Ilustración: una persona con un globo de cómic en el que aparece un signo de admiración
La sabiduría de las abuelas | © Goethe-Institut e. V./Illustration: Tobias Schrank

No hay ocasión en la que nuestro columnista se acuerde de su abuela. Según él, en ella confluían el lenguaje y la vida, eran solo uno. Sus consejos nunca le abandonan, y más ahora en los tiempos difíciles que corren.

De Hernán D. Caro

Cuando ya no sé qué hacer o me da miedo la vida, me sorprendo pensando en mi abuela. Exactamente, recuerdo frases que ella repitió a lo largo de su vida y que atesoro como talismanes. Se trata de palabras que hay quien considerará insignificantes, pero que a mí me proporcionan fuerza, esperanza o simplemente consuelo.

Una llamada a la acción

Sí, lo sé. ¿De qué sirven las palabras? Quién no conoce alguna variante del dicho “¡más hechos y menos palabras!”, ya sea como aforismo didáctico (“Que tus actos hablen por ti“), como advertencia (“Por la boca muere el pez y el hombre por la palabra”), o como sabia sentencia, aunque resulte algo cursi (“La verdad no reside en las bellas palabras, sino en los actos silenciosos”). Durante mi infancia en Latinoamérica, una tierra marcada por el cristianismo, el mensaje tenía connotación bíblica. Se solía decir o oír la frase “Por sus frutos los conoceréis”, citando así y quizá sin saber, las enseñanzas de Jesucristo según el Evangelio de San Mateo.
 
Y todas estas expresiones vienen a decir lo mismo: di y asegura lo que quieras, pero si a tus palabras no les siguen los hechos o, peor aún, si tu comportamiento contradice tus palabras, entonces lo que dices no tiene ningún valor. En otras palabras, se conoce a la gente por el fruto de sus actos, no por su verborrea. Pero entonces, por qué son precisamente las palabras, aunque sean de mi abuela, las que me acompañan y me animan cuando la duda me abruma. ¿Por qué?

las Palabras como guía

Porque existen personas excepcionales en las que palabra y acción confluyen, y cuando lo único que nos queda de ellos son sus palabras, se convierten en una poderosa guía para encontrar el camino. La madre de mi madre era una ama de casa sencilla, cuya vida nunca fue fácil. A pesar de no tener estudios y llevar una vida humilde, creo que llegó a comprender qué era lo que importaba. Además vivía como hablaba. Aún hoy me conmueve darme cuenta de cómo algunos de sus dichos se entretejen entre sí y construyen un todo. Como elementos de una filosofía de vida que nunca se llegó a pronunciar de principio a fin, que estimo mucho.
 
A veces mi abuela decía: “Hay quien se muere y nada se lleva”. Así daba su opinión, muy a su manera, sobre el sinsentido de reunir riquezas materiales.¿Acaso existe algo que nos podamos llevar a la tumba?

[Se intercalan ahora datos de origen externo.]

(* If rank (krylov A B) = k, factor it as T G with G right invertible: the
   image of T is A-invariant and contains that of B, so (A, B, C) restricted
   to it is a k-dimensional realization with the same Markov parameters. *)
Lemma minimal_krylov_row_free n m r
    (A : 'M[R]_n) (B : 'M[R]_(n, m)) (C : 'M[R]_(r, n)) :
  minimal_realization A B C -> row_free (krylov A B).
Proof.
move=> minABC; set K := krylov A B.
have [G' GG'] := row_freeP (row_base_free K).
have [Z AK] := krylov_invariant A B; rewrite -/K in AK.
have [W BK] := expmx_in_krylov A B 0; rewrite expr0 mul1mx -/K in BK.
have KTG := mulmx_base K.
rewrite /row_free eqn_leq rank_leq_row /=.
move: (\rank K) (col_base K) (row_base K) G' KTG GG' => k T G G' KTG GG'.
have TK : T = K *m G' by rewrite -KTG -mulmxA GG' mulmx1.
pose A' := G *m Z *m G'.
have AT : A *m T = T *m A' by rewrite {1}TK mulmxA AK -KTG !mulmxA.
have ApowT j : A ^+ j *m T = T *m A' ^+ j.
  elim: j => [|j IHj]; first by rewrite !expr0 mul1mx mulmx1.
  by rewrite exprS -mulmxE -mulmxA IHj mulmxA AT -mulmxA mulmxE -exprS.
apply: (minABC _ A' (G *m W) (C *m T)) => j.
by rewrite -(mulmxA C) -ApowT BK -KTG !mulmxA.
Qed.

End Krylov.

Section Trajectories.
Variable R : rcfType.
Variables (n m r : nat) (A : 'M[R]_n) (B : 'M[R]_(n, m)) (C : 'M[R]_(r, n)).
Variables (u : nat -> 'cV[R]_m) (x : nat -> 'cV[R]_n) (y : nat -> 'cV[R]_r).
Hypothesis Hx : forall t, x t.+1 = A *m x t + B *m u t.
Hypothesis Hy : forall t, y t = C *m x t.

Cuando murió, creo que lo que dejó cabía en una sola maleta, pero fueron tantos los parientes y conocidos que la acompañaron el día de su entierro que no todos cupieron en la iglesia.
 
A la frase arriba mencionada, ella solía añadir un consejo —bajo ciertas circunstancias incluso audaz, sino arriesgado—: “Acepta lo que te ofrecen”. Que no significa otra cosa sino que la vida es aquí y ahora y hay que aprovechar las oportunidades que se nos presentan, en vez de vacilar y caer en la duda, ¿quién sabe si volverán a repetirse? Mi abuela era una persona que dirigía su curiosidad, su entusiasmo por la vida y su generosidad no solo para sí misma, sino que sabía compartirlas los demás. Por ejemplo cuando yo aparecía en su casa con un amigo a la hora del almuerzo y le preguntaba si podía compartir nuestra mesa, ella soltaba una blasfemia que yo adoraba: “Si cabemos en el infierno, también en esta casa”, o algo por el estilo. Mi amigo, entonces, quedaba invitado.

disfrutar del momento

Entre todos los dichos conservados y olvidados de mi inolvidable abuela hay uno que últimamente (de hecho,a diario) me ronda por la cabeza: “Todo viene y todo pasa”. El significado está claro, aunque no siempre sea fácil actuar en consecuencia: los problemas, las preocupaciones y los miedos que nos atormentan no perduran. Como tampoco el éxito, el júbilo de la victoria o la felicidad. Todo pasa. Pero en labios de mi abuela no sonaba desalentador, todo lo contrario, era un continuo estímulo de vida, la fuente de las formulas vitales de mi abuela, su propio y generoso carpe diem.
 

la Columna idiomatica

Dedicamos esta columna  regularmente al lenguaje a cuestiones lingüísticas como un fenómeno cultural y social. ¿Cómo se desarrolla el lenguaje? ¿Qué relación establecen l@s escritor@s  con “su” lenguaje? ¿Cómo marca el lenguaje a la sociedad? Diferentes columnistas con algún nexo al lenguaje –bien profesional u otro–, presentan su tema personal en seis entregas seguidas.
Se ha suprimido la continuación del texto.